Stay safe and well, all.
Those gut feelings are always trying to tell us something – I just wish they would be more specific. Arrows pointing to the problem would be very helpful!
Good luck – I bet your intuition will figure it out!
You can definitely still be proud of yourself for winning Camp and for exceeding your goal.
I hate that feeling of knowing something is off or wrong but not being able to figure out what. And if you can’t figure out what, how are you supposed to fix it?! Would reading a book on writing or editing help trigger something for you?
Congrats on that badge – well-earned and deserved!
I have been in the same boat with Rayatana 3, which does have a name now, which I have kind of revealed, but wish I hadn’t. I think I have the problem figured out in the book – I think. I created a list of questions about the book from things that bugged me and then I shared that list with my writing group and asked them if there were any questions that stood out or if they had any questions to add.
They did have questions to add.
And, for some reason that helped.
I think. If I can finish the book now, then it definitely helped. If not… well, I don’t know.
Hope your gut feeling gives you a clear message soon!
I hate that feeling! I have a book like that too. I keep working on it, but that doesn’t seem to fix whatever is actually wrong. So frustrating! Maybe you need to step away for a few weeks. It might it you in the face when you get back to it.
It sounds like you’re a winner to me! Maybe you need to do that thing where you sit down and explain your book to someone? Like if you just start talking about the problems you’re having with someone to bounce ideas off of, maybe you’ll figure out what’s nagging at you about it. That might work. Theoretically.
What JE said. Or let a trusted critique partner read it. That person might see what you can’t.
You will figure it out. Eventually. Perhaps it’s time to get other eyes on the thing. Is there someone else (or other someones) who could beta read for you? They might be able to see something you missed.
There’s a saying that goes something like the person who created the problem doesn’t have the tools to fix the problem. But, given time, that person can grow into the person who has those tools. (Totally paraphrasing. Badly.) So, you might not have the skills now to diagnose the problem, but in time you will.
Perhaps you need some time away from the book? *shrugs*
And don’t even worry about how long it’s taking you. I have still to complete even a first novel, and we’ve known each other in the blogging world how long? I’m way behind you.
That’s such a frustrating feeling! I hope you have an epiphany soon.
Hello, MJ. Thank you for writing so openly about a problem I’ve been facing down for the last two months! I knew my current book wasn’t quite ready, but I couldn’t see what changes to make. So, taking the advice of various gurus, I sent it off to two beta readers, set it aside (oh, that was hard), and then waited. And waited. And waited!!!! Comments that came back were mostly copy editing and a few helpful questions. Not enough. So I took my courage in hand and gave a copy to my dearest beta reader, the one I live with who has an intellect honed on debate. In two sessions, he gave me more insight into my story and what I can do next. I feel energized and ready to go back to work, trusting my intuition now that I can more clearly ‘see’ my characters and their dilemmas. Hope this helps. So, maybe one of those readers who is waiting for your story might be a good beta reader for you? Or, write me! bluebethley at yahoo.com But mostly, persevere.

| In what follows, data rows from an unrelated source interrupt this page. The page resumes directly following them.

(* Let $E$ be a countable Borel equivalence relation on a standard Borel space $X$ induced by a Borel action of a countable group $\Gamma$. If $\mathcal C_0,\mathcal C_1,\dots$ are countably many clubs of good Polish topologies on $X$, then $\bigcap_i\mathcal C_i$ is a club.
   Context: A Polish topology on $X$ is good if it generates the Borel structure of $X$ and makes the $\Gamma$-action continuous. A class $\mathcal C$ of good Polish topologies is a club if (cofinal) every good Polish topology is contained in some member of $\mathcal C$, and (closed) whenever $\tau_0\subseteq\tau_1\subseteq\cdots$ all lie in $\mathcal C$, the topology generated by $\bigcup_i\tau_i$ lies in $\mathcal C$. *)

From Stdlib Require Import Reals.
Open Scope R_scope.

Definition subfam {X : Type} (F H : (X -> Prop) -> Prop) : Prop :=
  forall A, F A -> H A.

Definition is_topology {X : Type} (tau : (X -> Prop) -> Prop) : Prop :=
  tau (fun _ => True) /\
  (forall F : (X -> Prop) -> Prop, subfam F tau ->
     tau (fun x => exists A, F A /\ A x)) /\
  (forall A B, tau A -> tau B -> tau (fun x => A x /\ B x)).

Definition generated_topology {X : Type} (F : (X -> Prop) -> Prop) : (X -> Prop) -> Prop :=
  fun A => forall tau, is_topology tau -> subfam F tau -> tau A.

Definition is_metric {X : Type} (d : X -> X -> R) : Prop :=
  (forall x y, 0 <= d x y) /\
  (forall x y, d x y = 0 <-> x = y) /\
  (forall x y, d x y = d y x) /\
  (forall x y z, d x z <= d x y + d y z).

Definition metric_open {X : Type} (d : X -> X -> R) (A : X -> Prop) : Prop :=
  forall x, A x -> exists eps, 0 < eps /\ forall y, d x y < eps -> A y.

Definition metric_complete {X : Type} (d : X -> X -> R) : Prop :=
  forall u : nat -> X,
    (forall eps, 0 < eps -> exists N, forall m n, (N <= m)%nat -> (N <= n)%nat -> d (u m) (u n) < eps) ->
    exists x, forall eps, 0 < eps -> exists N, forall n, (N <= n)%nat -> d (u n) x < eps.

Definition countable_set {X : Type} (D : X -> Prop) : Prop :=
  exists f : X -> nat, forall x y, D x -> D y -> f x = f y -> x = y.

Definition separable {X : Type} (tau : (X -> Prop) -> Prop) : Prop :=
  exists D : X -> Prop, countable_set D /\
    forall U, tau U -> (exists x, U x) -> exists x, D x /\ U x.

Definition polish {X : Type} (tau : (X -> Prop) -> Prop) : Prop :=
  is_topology tau /\ separable tau /\
  exists d : X -> X -> R, is_metric d /\ metric_complete d /\
    (forall A, tau A <-> metric_open d A).

Definition is_sigma_algebra {X : Type} (S : (X -> Prop) -> Prop) : Prop :=
  S (fun _ => True) /\
  (forall A, S A -> S (fun x => ~ A x)) /\
  (forall A : nat -> X -> Prop, (forall n, S (A n)) -> S (fun x => exists n, A n x)).

Definition sigma_generated {X : Type} (F : (X -> Prop) -> Prop) : (X -> Prop) -> Prop :=
  fun A => forall S, is_sigma_algebra S -> subfam F S -> S A.

Definition standard_borel {X : Type} (B : (X -> Prop) -> Prop) : Prop :=
  is_sigma_algebra B /\
  exists tau, polish tau /\ forall A, B A <-> sigma_generated tau A.

Definition is_group {G : Type} (mul : G -> G -> G) (one : G) (inv : G -> G) : Prop :=
  (forall a b c, mul a (mul b c) = mul (mul a b) c) /\
  (forall a, mul one a = a /\ mul a one = a) /\
  (forall a, mul (inv a) a = one /\ mul a (inv a) = one).

Definition countable_type (G : Type) : Prop :=
  exists f : G -> nat, forall a b, f a = f b -> a = b.

Definition is_action {G X : Type} (mul : G -> G -> G) (one : G) (act : G -> X -> X) : Prop :=
  (forall x, act one x = x) /\ (forall g h x, act (mul g h) x = act g (act h x)).

Definition borel_action {G X : Type} (B : (X -> Prop) -> Prop) (act : G -> X -> X) : Prop :=
  forall g A, B A -> B (fun x => A (act g x)).

Definition continuous_wrt {X : Type} (tau : (X -> Prop) -> Prop) (f : X -> X) : Prop :=
  forall U, tau U -> tau (fun x => U (f x)).

Definition good {G X : Type} (B : (X -> Prop) -> Prop) (act : G -> X -> X)
  (tau : (X -> Prop) -> Prop) : Prop :=
  polish tau /\ (forall A, sigma_generated tau A <-> B A) /\
  (forall g, continuous_wrt tau (act g)).

Definition club {G X : Type} (B : (X -> Prop) -> Prop) (act : G -> X -> X)
  (C : ((X -> Prop) -> Prop) -> Prop) : Prop :=
  (forall tau, C tau -> good B act tau) /\
  (forall tau, good B act tau -> exists tau', C tau' /\ subfam tau tau') /\
  (forall t : nat -> (X -> Prop) -> Prop,
     (forall i, C (t i)) -> (forall i, subfam (t i) (t (S i))) ->
     C (generated_topology (fun A => exists i, t i A))).

(* Enumerate the pairs (i, m) so that every index i recurs infinitely often,
   and build an increasing chain from a given good topology, extending the
   current topology at step n into the club C_i for the i of the n-th pair.
   The steps devoted to a fixed i form a cofinal subchain lying in C_i, so
   the topology generated by the whole chain lies in C_i by closedness. *)
From Stdlib Require Import Arith Lia Cantor ClassicalEpsilon
  FunctionalExtensionality PropExtensionality.
Local Open Scope nat_scope.

Lemma subfam_chain {X : Type} (t : nat -> (X -> Prop) -> Prop) :
  (forall n, subfam (t n) (t (S n))) ->
  forall m n, m <= n -> subfam (t m) (t n).
Proof.
  intros ht m n Hmn; induction Hmn as [|n _ IH]; intros A HA.
  - exact HA.
  - apply ht, IH, HA.
Qed.

Lemma union_cofinal_subchain {X : Type} (t : nat -> (X -> Prop) -> Prop)
  (f : nat -> nat) :
  (forall n, subfam (t n) (t (S n))) -> (forall n, n <= f n) ->
  (fun A => exists m, t (f m) A) = (fun A => exists n, t n A).
Proof.
  intros ht hf.
  apply functional_extensionality; intros A.
  apply propositional_extensionality; split.
  - intros [m Hm]; exists (f m); exact Hm.
  - intros [n Hn]; exists n; exact (subfam_chain t ht n (f n) (hf n) A Hn).
Qed.

Lemma to_nat_le_succ_snd i m :
  Cantor.to_nat (i, m) <= Cantor.to_nat (i, S m).
Proof.
  pose proof (to_nat_spec i m); pose proof (to_nat_spec i (S m)); nia.
Qed.

Section Clubs.

Variables (X G : Type) (B : (X -> Prop) -> Prop) (act : G -> X -> X).

Lemma club_closed_cofinal_subchain (C : ((X -> Prop) -> Prop) -> Prop)
  (t : nat -> (X -> Prop) -> Prop) (f : nat -> nat) :
  club B act C ->
  (forall n, subfam (t n) (t (S n))) ->
  (forall m, f m <= f (S m)) -> (forall n, n <= f n) ->
  (forall m, C (t (f m))) ->
  C (generated_topology (fun A => exists n, t n A)).
Proof.
  intros [_ [_ hclosed]] ht hfmono hf hC.
  rewrite <- (union_cofinal_subchain t f ht hf).
  apply hclosed; [exact hC|].
  intros m; apply subfam_chain; auto.
Qed.

Lemma clubs_extension (C : nat -> ((X -> Prop) -> Prop) -> Prop) :
  (forall i, club B act (C i)) ->
  exists F : nat -> ((X -> Prop) -> Prop) -> (X -> Prop) -> Prop,
    forall i tau, good B act tau -> C i (F i tau) /\ subfam tau (F i tau).
Proof.
  intros hC.
  exists (fun i tau => epsilon (inhabits tau)
                         (fun tau' => C i tau' /\ subfam tau tau')).
  intros i tau Htau; apply epsilon_spec.
  exact (proj1 (proj2 (hC i)) tau Htau).
Qed.

Fixpoint interleave (F : nat -> ((X -> Prop) -> Prop) -> (X -> Prop) -> Prop)
  (tau : (X -> Prop) -> Prop) (n : nat) : (X -> Prop) -> Prop :=
  match n with
  | 0 => tau
  | S n => F (fst (Cantor.of_nat n)) (interleave F tau n)
  end.

Variables (C : nat -> ((X -> Prop) -> Prop) -> Prop)
  (F : nat -> ((X -> Prop) -> Prop) -> (X -> Prop) -> Prop).
Hypothesis hC : forall i, club B act (C i).
Hypothesis hF : forall i tau, good B act tau -> C i (F i tau) /\ subfam tau (F i tau).

Lemma interleave_good tau n :
  good B act tau -> good B act (interleave F tau n).
Proof.
  intros Htau; induction n as [|n IH]; [exact Htau|].
  apply (proj1 (hC (fst (Cantor.of_nat n)))), hF, IH.
Qed.

Lemma interleave_incr tau :
  good B act tau -> forall n, subfam (interleave F tau n) (interleave F tau (S n)).
Proof. intros Htau n; apply hF, interleave_good, Htau. Qed.

Lemma interleave_in_club tau i m :
  good B act tau -> C i (interleave F tau (S (Cantor.to_nat (i, m)))).
Proof.
  intros Htau; cbn [interleave]; rewrite cancel_of_to.
  apply hF, interleave_good, Htau.
Qed.

Lemma interleave_union_in_clubs tau i :
  good B act tau ->
  C i (generated_topology (fun A => exists n, interleave F tau n A)).
Proof.
  intros Htau.
  apply (club_closed_cofinal_subchain (C i) _ (fun m => S (Cantor.to_nat (i, m)))).
  - exact (hC i).
  - exact (interleave_incr tau Htau).
  - intros m; apply le_n_S, to_nat_le_succ_snd.
  - intros n; pose proof (to_nat_non_decreasing i n); lia.
  - intros m; apply interleave_in_club, Htau.
Qed.

End Clubs.

Arguments interleave {X} F tau n.

Lemma generated_topology_incl {X : Type} (F : (X -> Prop) -> Prop) :
  subfam F (generated_topology F).
Proof. intros A HA tau _ Hsub; exact (Hsub A HA). Qed.

Theorem lemma3p4
  (X : Type) (B : (X -> Prop) -> Prop) (hX : standard_borel B)
  (G : Type) (mul : G -> G -> G) (one : G) (inv : G -> G)
  (hG : is_group mul one inv) (hGc : countable_type G)
  (act : G -> X -> X) (hact : is_action mul one act) (hbor : borel_action B act)
  (E : X -> X -> Prop) (hE : forall x y, E x y <-> exists g, act g x = y)
  (C : nat -> ((X -> Prop) -> Prop) -> Prop)
  (hC : forall i, club B act (C i)) :
  club B act (fun tau => forall i, C i tau).
Proof.
  split; [|split].
  - intros tau Htau; exact (proj1 (hC 0) tau (Htau 0)).
  - intros tau Htau.
    destruct (clubs_extension _ _ B act C hC) as [F hF].
    exists (generated_topology (fun A => exists n, interleave F tau n A)); split.
    + intros i; exact (interleave_union_in_clubs _ _ B act C F hC hF tau i Htau).
    + intros A HA; apply generated_topology_incl; exists 0; exact HA.
  - intros t Ht Hincr i.
    apply (proj2 (proj2 (hC i))); [intros j; apply Ht | exact Hincr].
Qed.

Congrats. It sounds like it’s time to get some input from other writers.
Congratulations! That’s awesome! I never feel like I’m getting anywhere when editing either. It makes my stomach churn. Eventually I just have to hold my breath and let go. Then remind myself to let go of the breath too or pass out!
I sympathize in so, so, so many ways. The length of time, the feeling you can’t shake, the view on editing. All of it–I sympathize. I spent almost 2 years ignoring my book because of those feelings and not wanting to face them.
I hope you figure things out, or find someone who helps you pinpoint the source of the feeling. Good luck, and looking forward to the next update!